Welcome. I am also facinated in how you do with your top bar hives and beekeeping in general in your climate.


----------



## Duboisi (Oct 7, 2009)

I will have some experience to share by next year.

Check out this link (in Norwegian) http://bikuben.mulebakken.net/topplistkube/

Not sure how popular it's to post links to other forums, but at this one is dedicated mainly to top-bars and have many users from England and some from Scandinavia. http://www.naturalbeekeeping.org/


----------



## AmericasBeekeeper (Jan 24, 2010)

Welcome, best wishes!


----------



## DavesBees (Jun 2, 2009)

I think you will find the top bar hive will work just fine in Norway. Bees will try to survive in whatever hive you put them in and they will die in those same hives. What bees really want is a large store of honey over their heads in the winter. But if they built their hive in a floor space of say 8 inches tall and do just fine; they didn't do much moving up. Healthy bees will find their stores no matter which direction they have to move. A giant space above them for winter that some Beekeepers would say won’t work is best demonstrated at http://www.oscarperone.com.ar/. Wait for the translate bar to drop down and then you can translate to English. If you are playing around with methods perhaps you could try the Perone hive as well. You may be able to modify one of you Nationals or even adjust present procedures to simulate the principles he uses.


----------



## kamildursun (Mar 25, 2010)

Thanks Dave I will check it out. Beekeeping eqpt is very standardised in Norway but it would be fine to try something new.
Kamil


----------



## Duboisi (Oct 7, 2009)

@Dave: I am thinking that those hives are best suited for hot climates, as the hot air rises. It should even help them to keep the brood-nest cool.

In a cold climate, it means that the heat will disappear into the void during winter. In turn this will require lots of energy to keep the cluster warm.


----------



## JPK (May 24, 2008)

Bees really don't want to move laterally....particularly in cold weather.

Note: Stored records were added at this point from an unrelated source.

(* Let $\Omega=\{z\in\mathbb C^{r\times(r+b)}: I_r-zz^*>0\}$ be the type-I domain of rank $r$ and fix $1\le q<r$. Let $\Omega'=\{z'\in\mathbb C^{(r-q)\times(r-q+b)}: I_{r-q}-z'z'^*>0\}$ (type-I of rank $r-q$). For $z\in\mathbb C^{r\times(r+b)}$ with singular values $t_1\ge\dots\ge t_r\ge0$, let $\Psi(z)\in\mathbb C^{(r-q)\times(r-q+b)}$ be the matrix whose $(j,j)$ entry is $t_{q+j}$ for $1\le j\le r-q$ and all other entries $0$. Let $\overline{\partial\Omega_q}=\{z\in\mathbb C^{r\times(r+b)}: t_1=\dots=t_q=1\ge t_{q+1}\}$, the closure of the $q$-th boundary component $\partial\Omega_q=\{z: t_1=\dots=t_q=1>t_{q+1}\}$. Then \[\overline{\partial\Omega_q}=\Big\{z\in\mathbb C^{r\times(r+b)}:\ \Delta^{(\ell)}_\Omega(z,z)=\sum_{i=\max(\ell-(r-q),0)}^{\min(q,\ell)}\binom{q}{i}\Delta^{(\ell-i)}_{\Omega'}\big(\Psi(z),\Psi(z)\big)\ \text{ for all }1\le\ell\le r\Big\}.\]
   Context: For a type-I domain $\Omega_n=\{z\in\mathbb C^{n\times m}: I_n-zz^*>0\}$ of rank $n$, the Jordan triple determinant is $\Delta(z,w)=\det(I_n-zw^* )$; it satisfies $\Delta(z,z)=\prod_{j=1}^n(1-t_j^2)$ where $t_j$ are the singular values of $z$. Write $\Delta(z,w)=\sum_{\ell=0}^n(-1)^\ell\Delta^{(\ell)}(z,w)$ with $\Delta^{(\ell)}$ sesqui-analytic and homogeneous of bidegree $(\ell,\ell)$; $\Delta^{(0)}=1$. The subscripts $\Omega$, $\Omega'$ indicate which domain's $\Delta^{(\ell)}$ is meant ($\Delta^{(\ell-i)}_{\Omega'}$ with $0\le\ell-i\le r-q$). The boundary $\partial\Omega_q$ equals the orbit description $\{k(e_1+\dots+e_q+\sum_{i>q}t_ie_i)\}$ with $e_i$ the matrix units $E_{ii}$ and $k$ in the stabilizer of $0$ in the identity component of $\mathrm{Aut}(\Omega)$, $1>t_{q+1}\ge\dots\ge t_r\ge0$. *)

From HB Require Import structures.
From mathcomp Require Import all_boot all_order all_algebra.
From mathcomp Require Import reals.
From mathcomp Require Import complex.
Set Implicit Arguments. Unset Strict Implicit. Unset Printing Implicit Defensive.
Import Order.TTheory GRing.Theory Num.Theory.
Local Open Scope ring_scope.
Local Open Scope complex_scope.

Definition adjmx (R : realType) (m n : nat) (w : 'M[R[i]]_(m, n)) : 'M[R[i]]_(n, m) :=
  (map_mx (@Num.conj _) w)^T.

(* Jordan triple determinant Delta(z,w) = det(I_m - z w^* ) and its homogeneous
   components: Delta(z,w) = \sum_l (-1)^l Delta^(l)(z,w), where Delta^(l) is
   homogeneous of bidegree (l,l).  Equivalently det(I - s z w^* ) =
   \sum_l (-1)^l s^l Delta^(l)(z,w), so Delta^(l) is (-1)^l times the
   coefficient of s^l in the polynomial s |-> det(I - s z w^* ). *)
Definition Delta_l (R : realType) (m n : nat) (l : nat) (z w : 'M[R[i]]_(m, n)) : R[i] :=
  (-1) ^+ l *
  (\det (1%:M - 'X *: map_mx (@polyC _) (z *m adjmx w)) : {poly R[i]})`_l.

(* t (0-indexed: t 0 >= t 1 >= ... >= t (m-1) >= 0) is the list of singular
   values of z : the t j^2 are the eigenvalues of z z^*, with multiplicity. *)
Definition singular_values (R : realType) (m n : nat) (z : 'M[R[i]]_(m, n))
    (t : nat -> R) : Prop :=
  [/\ forall j, (j < m)%N -> 0 <= t j,
      forall j, (j.+1 < m)%N -> t j.+1 <= t j &
      char_poly (z *m adjmx z) = \prod_(j < m) ('X - ((t j ^+ 2)%:C)%:P)].

(* Psi(z) : the (r-q) x (r-q+b) matrix with (j,j) entry t_{q+j} (1-indexed),
   i.e. t (q + j) 0-indexed, and zeros elsewhere. *)
Definition Psi (R : realType) (r q b : nat) (t : nat -> R) : 'M[R[i]]_(r - q, r - q + b) :=
  \matrix_(i < r - q, j < r - q + b)
     (if nat_of_ord i == nat_of_ord j then (t (q + i)%N)%:C else 0).

Definition in_closure_bdry_q (R : realType) (q : nat) (t : nat -> R) : Prop :=
  (forall j, (j < q)%N -> t j = 1) /\ t q <= 1.

From HB Require Import structures.
From mathcomp Require Import all_boot all_order all_algebra.
From mathcomp Require Import reals.
From mathcomp Require Import complex.
From mathcomp Require Import zify.
Set Implicit Arguments. Unset Strict Implicit. Unset Printing Implicit Defensive.
Import Order.TTheory GRing.Theory Num.Theory.
Local Open Scope ring_scope.

(* Since the t_j^2 are the eigenvalues of z z^*, det(I - s z z^* ) is the
   polynomial P_t(s) = prod_j (1 - t_j^2 s), and Delta^(l)(z,z) is (-1)^l times
   its l-th coefficient.  Since Psi(z) is diagonal with entries t_(q+1),...,t_r,
   the same holds for Delta_Omega' with Q(s) = prod_(j >= q) (1 - t_j^2 s), and
   P_t = P_(t_1..t_q) * Q.  The binomial sum on the right-hand side is
   (-1)^l times the l-th coefficient of (1 - s)^q Q(s), so the identities for
   1 <= l <= r say exactly P_t = (1 - s)^q Q, i.e. prod_(j < q) (1 - t_j^2 s) =
   (1 - s)^q.  Comparing top coefficients shows that no t_j (j < q) vanishes,
   and evaluating at s = t_j^-2 then forces t_j = 1. *)

Section RecipPoly.
Variable R : comNzRingType.

Definition recip_poly n (a : nat -> R) : {poly R} := \prod_(j < n) (1 - (a j)%:P * 'X).

Lemma coefM_1subCX (p : {poly R}) c k :
  (p * (1 - c%:P * 'X))`_k = p`_k - c * (if k == 0%N then 0 else p`_k.-1).
Proof. by rewrite mulrBr mulr1 coefB mulrCA coefCM coefMX. Qed.

Lemma recip_polyS n a : recip_poly n.+1 a = recip_poly n a * (1 - (a n)%:P * 'X).
Proof. by rewrite /recip_poly big_ord_recr. Qed.

Lemma recip_polyD n m a :
  recip_poly (n + m) a = recip_poly n a * recip_poly m (fun j => a (n + j)%N).
Proof. by rewrite /recip_poly big_split_ord. Qed.

Lemma coef0_recip_poly n a : (recip_poly n a)`_0 = 1.
Proof.
elim: n => [|n IHn]; first by rewrite /recip_poly big_ord0 coef1.
by rewrite recip_polyS coefM_1subCX IHn /= mulr0 subr0.
Qed.

Lemma recip_poly_neq0 n a : recip_poly n a != 0.
Proof.
by apply/eqP => /(congr1 (coefp 0)); rewrite /= coef0_recip_poly coef0 => /eqP; rewrite oner_eq0.
Qed.

Lemma size_recip_poly n a : (size (recip_poly n a) <= n.+1)%N.
Proof.
elim: n => [|n IHn]; first by rewrite /recip_poly big_ord0 size_poly1.
rewrite recip_polyS; apply: (leq_trans (size_polyMleq _ _)).
have size_lin : (size (1 - (a n)%:P * 'X)%R <= 2)%N.
  apply: (leq_trans (size_polyD _ _)); rewrite size_poly1 size_polyN geq_max /=.
  apply: (leq_trans (size_polyMleq _ _)); rewrite size_polyX.
  by case: (size _) (size_polyC_leq1 (a n)) => [|[|]].
by move: IHn size_lin; set x := size _; set y := size _; lia.
Qed.

Lemma size_recip_polyM n m a b :
  (size (recip_poly n a * recip_poly m b)%R <= (n + m).+1)%N.
Proof.
apply: leq_trans (size_polyMleq _ _) _.
by move: (size_recip_poly n a) (size_recip_poly m b); set x := size _; set y := size _; lia.
Qed.

Lemma coef_recip_poly_gt n a k : (n < k)%N -> (recip_poly n a)`_k = 0.
Proof. by move=> ltnk; apply: nth_default; exact: leq_trans (size_recip_poly n a) ltnk. Qed.

Lemma coef_recip_poly_top n a : (recip_poly n a)`_n = (-1) ^+ n * \prod_(j < n) a j.
Proof.
elim: n => [|n IHn]; first by rewrite /recip_poly !big_ord0 coef1 mulr1.
rewrite recip_polyS coefM_1subCX coef_recip_poly_gt //= IHn big_ord_recr /=.
by rewrite sub0r exprS mulN1r mulNr mulrCA [a n * _]mulrC.
Qed.

Lemma coef_recip_poly1 n k : (recip_poly n (fun=> 1))`_k = (-1) ^+ k * 'C(n, k)%:R.
Proof.
elim: n k => [|n IHn] k.
  rewrite /recip_poly big_ord0 coef1; case: k => [|k]; first by rewrite expr0 mulr1.
  by rewrite bin0n mulr0.
rewrite recip_polyS coefM_1subCX mul1r IHn; case: k => [|k] /=; first by rewrite !bin0 subr0.
by rewrite IHn binS natrD mulrDr exprS mulN1r !mulNr.
Qed.

(* Only the coefficients of index l - i <= n of Q can be nonzero, and 'C(q, i)
   vanishes for i > q, which is where the bounds of the sum come from. *)
Lemma sum_binom_coef_recip_poly1 n q l (Q : {poly R}) :
  (forall k, (n < k)%N -> Q`_k = 0) -> (l <= n + q)%N ->
  \sum_(maxn (l - n) 0 <= i < (minn q l).+1) 'C(q, i)%:R * ((-1) ^+ (l - i) * Q`_(l - i))
  = (-1) ^+ l * (recip_poly q (fun=> 1) * Q)`_l.
Proof.
move=> Q_gt hl; rewrite coefM mulr_sumr maxn0.
rewrite -(big_mkord xpredT (fun i => (-1) ^+ l * ((recip_poly q (fun=> 1))`_i * Q`_(l - i)))).
have lo_mid : (l - n <= (minn q l).+1)%N by lia.
have mid_hi : ((minn q l).+1 <= l.+1)%N by lia.
rewrite [X in _ = X](big_cat_nat (n := l - n)) //; last exact: leq_trans lo_mid mid_hi.
rewrite [X in _ = _ + X](big_cat_nat (n := (minn q l).+1) lo_mid mid_hi) /=.
rewrite [X in _ = X + _]big1_seq ?add0r; last first.
  move=> i /andP[_]; rewrite mem_index_iota => /andP[_ hi].
  by rewrite Q_gt ?mulr0 //; lia.
rewrite [X in _ = _ + X]big1_seq ?addr0; last first.
  move=> i /andP[_]; rewrite mem_index_iota => /andP[hi1 hi2].
  by rewrite coef_recip_poly1 bin_small ?(mulr0, mul0r) //; lia.
apply: eq_big_seq => i; rewrite mem_index_iota => /andP[_ hi].
have -> : (-1) ^+ l = (-1) ^+ (l - i) * (-1) ^+ i :> R by rewrite -exprD subnK //; lia.
rewrite coef_recip_poly1 !mulrA -[_ * (-1) ^+ i * (-1) ^+ i]mulrA -expr2 sqrr_sign mulr1.
by congr (_ * _); rewrite mulrC.
Qed.

End RecipPoly.

Lemma eq_poly_upto (R : nzRingType) (p q : {poly R}) n :
  (size p <= n.+1)%N -> (size q <= n.+1)%N -> p`_0 = q`_0 ->
  (forall l, (1 <= l <= n)%N -> p`_l = q`_l) -> p = q.
Proof.
move=> sp sq eq0 eq_mid; apply/polyP => l.
have [->|l0] := eqVneq l 0%N; first exact: eq0.
have [ln|nl] := leqP l n; first by apply: eq_mid; rewrite ln lt0n l0.
by rewrite !nth_default //; apply: leq_trans nl.
Qed.

Lemma recip_poly_eq1 (F : fieldType) n (a : nat -> F) :
  recip_poly n a = recip_poly n (fun=> 1) -> forall j, (j < n)%N -> a j = 1.
Proof.
move=> eq_rp j ltjn.
have prod_a1 : \prod_(k < n) a k = 1.
  have := congr1 (fun p : {poly F} => p`_n) eq_rp.
  by rewrite /= !coef_recip_poly_top prodr_const expr1n => /(can_inj (signrMK n)).
have aj0 : a j != 0.
  apply/eqP => aj0; move: prod_a1.
  by rewrite (bigD1 (Ordinal ltjn)) //= aj0 mul0r => /eqP; rewrite eq_sym oner_eq0.
(* a_j^-1 is a root of the left-hand side, hence of (1 - s)^n. *)
have := congr1 (fun p : {poly F} => p.[(a j)^-1]) eq_rp.
rewrite /= /recip_poly !horner_prod (bigD1 (Ordinal ltjn)) //= !hornerE mulfV //.
rewrite subrr mul0r prodr_const card_ord => /esym/eqP.
by rewrite expf_eq0 subr_eq0 eq_sym invr_eq1 => /andP[_ /eqP].
Qed.

Lemma poly_eq0_on_nonzero (C : numFieldType) (p : {poly C}) :
  (forall s, s != 0 -> p.[s] = 0) -> p = 0.
Proof.
move=> p_root; apply/eqP; apply/negPn/negP => pn0.
have : (size [seq (i.+1)%:R : C | i <- iota 0 (size p)] < size p)%N.
  apply: (max_poly_roots pn0).
    by apply/allP => x /mapP[i _ ->]; apply/eqP; apply: p_root; rewrite pnatr_eq0.
  by rewrite map_inj_uniq ?iota_uniq // => i j /eqP; rewrite eqr_nat => /eqP[].
by rewrite size_map size_iota ltnn.
Qed.

(* det(I - s A) = s^n char_poly A (1/s) for s != 0. *)
Lemma det_1_subX_mx (C : numFieldType) n (A : 'M[C]_n) (lam : nat -> C) :
  char_poly A = \prod_(j < n) ('X - (lam j)%:P) ->
  \det (1%:M - 'X *: map_mx polyC A) = recip_poly n lam.
Proof.
move=> charA; apply/eqP; rewrite -subr_eq0; apply/eqP; apply: poly_eq0_on_nonzero => s s0.
rewrite hornerD hornerN; apply/eqP; rewrite subr_eq0; apply/eqP.
have -> : (\det (1%:M - 'X *: map_mx polyC A)).[s] = \det (1%:M - s *: A).
  rewrite -[LHS]/(horner_eval s _) -det_map_mx; congr (\det _).
  apply/matrixP => i j.
  by rewrite !mxE rmorphB rmorphM rmorph_nat /= /horner_eval hornerX hornerC.
have -> : 1%:M - s *: A = s *: (s^-1%:M - A) by rewrite scalerBr scale_scalar_mx mulfV.
rewrite detZ.
have -> : \det (s^-1%:M - A) = (char_poly A).[s^-1].
  rewrite /char_poly -[RHS]/(horner_eval s^-1 _) -det_map_mx; congr (\det _).
  by apply/matrixP => i j; rewrite !mxE rmorphB rmorphMn /= /horner_eval hornerX hornerC.
have -> : s ^+ n = \prod_(j < n) s by rewrite prodr_const card_ord.
rewrite charA /recip_poly !horner_prod -big_split /=.
by apply: eq_bigr => j _; rewrite !hornerE mulrBr mulfV // mulrC.
Qed.

Local Open Scope complex_scope.

Lemma Delta_l_recip_poly (R : realType) m n (z : 'M[R[i]]_(m, n)) (t : nat -> R) :
  char_poly (z *m adjmx z) = \prod_(j < m) ('X - ((t j ^+ 2)%:C)%:P) ->
  forall l, Delta_l l z z = (-1) ^+ l * (recip_poly m (fun j => (t j ^+ 2)%:C))`_l.
Proof.
move=> charz l; rewrite /Delta_l; congr (_ * _).
exact: (congr1 (fun p : {poly R[i]} => p`_l) (det_1_subX_mx charz)).
Qed.

Lemma conj_real_complex (R : realType) (x : R) : Num.conj x%:C = x%:C.
Proof. by apply/eqP; rewrite eq_complex /= oppr0 !eqxx. Qed.

Lemma Psi_mul_adj (R : realType) r q b (t : nat -> R) :
  Psi r q b t *m adjmx (Psi r q b t) = diag_mx (\row_(i < r - q) ((t (q + i)%N ^+ 2)%:C)).
Proof.
apply/matrixP => i k; rewrite !mxE (bigD1 (lshift b i)) //= big1 ?addr0.
  rewrite !mxE /= eqxx; have [->|neki] := eqVneq k i.
    by rewrite eqxx mulr1n conj_real_complex rmorphXn expr2.
  by rewrite (inj_eq val_inj) (negbTE neki) mulr0n conjC0 mulr0.
move=> j /negbTE nej; rewrite !mxE; case: eqVneq => [eij|_]; last by rewrite mul0r.
by move: nej; rewrite -(inj_eq val_inj) /= eij eqxx.
Qed.

Lemma Delta_l_Psi (R : realType) r q b (t : nat -> R) l :
  Delta_l l (Psi r q b t) (Psi r q b t) =
  (-1) ^+ l * (recip_poly (r - q) (fun j => (t (q + j)%N ^+ 2)%:C))`_l.
Proof.
apply: Delta_l_recip_poly; rewrite Psi_mul_adj char_poly_trig ?diag_mx_is_trig //.
by apply: eq_bigr => j _; rewrite !mxE eqxx mulr1n.
Qed.

Lemma sum_binom_Delta_l_Psi (R : realType) r q b (t : nat -> R) l :
  (q <= r)%N -> (l <= r)%N ->
  \sum_(maxn (l - (r - q)) 0 <= i < (minn q l).+1)
     'C(q, i)%:R * Delta_l (l - i) (Psi r q b t) (Psi r q b t) =
  (-1) ^+ l * (recip_poly q (fun=> 1) *
               recip_poly (r - q) (fun j => (t (q + j)%N ^+ 2)%:C))`_l.
Proof.
move=> qr lr; under eq_bigr => i _ do rewrite Delta_l_Psi.
by rewrite sum_binom_coef_recip_poly1 ?subnK // => k; exact: coef_recip_poly_gt.
Qed.

Lemma in_closure_bdry_qE (R : realType) r q (t : nat -> R) :
  (0 < q < r)%N -> (forall j, (j.+1 < r)%N -> t j.+1 <= t j) ->
  in_closure_bdry_q q t <-> (forall j, (j < q)%N -> t j = 1).
Proof.
move=> /andP[q0 qr] t_decr; split=> [[] //|t1]; split=> //.
by have := t_decr q.-1; rewrite prednK // (t1 q.-1) ?ltn_predL //; apply.
Qed.

Theorem theoremA2 (R : realType) (r b q : nat) (hq1 : (1 <= q)%N) (hqr : (q < r)%N)
    (z : 'M[R[i]]_(r, r + b)) (t : nat -> R) (ht : singular_values z t) :
  in_closure_bdry_q q t <->
  (forall l : nat, (1 <= l <= r)%N ->
     Delta_l l z z =
     \sum_(maxn (l - (r - q)) 0 <= i < (minn q l).+1)
        'C(q, i)%:R * Delta_l (l - i) (Psi r q b t) (Psi r q b t)).
Proof.
case: ht => t_ge0 t_decr charz.
set a : nat -> R[i] := fun j => (t j ^+ 2)%:C.
set Q := recip_poly (r - q) (fun j => a (q + j)%N).
have Delta_coefsE : (forall l, (1 <= l <= r)%N -> Delta_l l z z =
    \sum_(maxn (l - (r - q)) 0 <= i < (minn q l).+1)
       'C(q, i)%:R * Delta_l (l - i) (Psi r q b t) (Psi r q b t))
    <-> recip_poly r a = recip_poly q (fun=> 1) * Q.
  split=> [coefs | PEQ l /andP[_ lr]]; last first.
    by rewrite (Delta_l_recip_poly charz) sum_binom_Delta_l_Psi ?(ltnW hqr) // PEQ.
  apply: eq_poly_upto (size_recip_poly r a) _ _ _.
  - by rewrite -[X in (_ <= X.+1)%N](subnKC (ltnW hqr)) size_recip_polyM.
  - by rewrite coef0M !coef0_recip_poly mulr1.
  - move=> l l_range; apply: (can_inj (signrMK l)); move: (coefs l l_range).
    by rewrite (Delta_l_recip_poly charz) sum_binom_Delta_l_Psi ?(ltnW hqr) //; case/andP: l_range.
have splitQ : recip_poly r a = recip_poly q a * Q by rewrite -recip_polyD subnKC // ltnW.
rewrite Delta_coefsE splitQ (in_closure_bdry_qE _ t_decr) ?hq1 //.
split=> [t1 | /(mulIf (recip_poly_neq0 _ _)) /recip_poly_eq1 a1 j ltjq].
  by congr (_ * _); apply: eq_bigr => j _; rewrite /a t1 ?expr1n.
have /complexI tj2 : (t j ^+ 2)%:C = 1%:C by exact: a1.
by apply/eqP; rewrite -(pexpr_eq1 (n := 2)) ?t_ge0 ?tj2 //; apply: ltn_trans hqr.
Qed.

Do a survey of folks that run TBH's in northern climates....good luck finding many that are successful on any significant scale


----------



## Duboisi (Oct 7, 2009)

@JPG: Forgive me, as I am a novice. But don't the bees move sideways from comb to comb in all hives? I would imagine that in a Langstroth hive, they go up to the top on one side, and then move slowly towards the other side as the honey is used. In what way is this different from bees moving from the end of the broodnest and towards the other end?

I think it is pretty hard to find people running TBH at a significant scale in temperate climates aswell.
There may be reasons why TBH will not work well in a cold climate, but without trying, it's hard to know.

I have heard that the vikings were using similar types of hives, only that they were called trough-hives or something along that order. I have not gotten it confirmed, so it might be wrong.


----------



## my2collies (Mar 26, 2010)

Hi, I'm going to be following your posts with interest. I am just starting in Minnesota, and it's also pretty cold here. Hopefully both of us will be successful as northern beekeepers!

Cindy


----------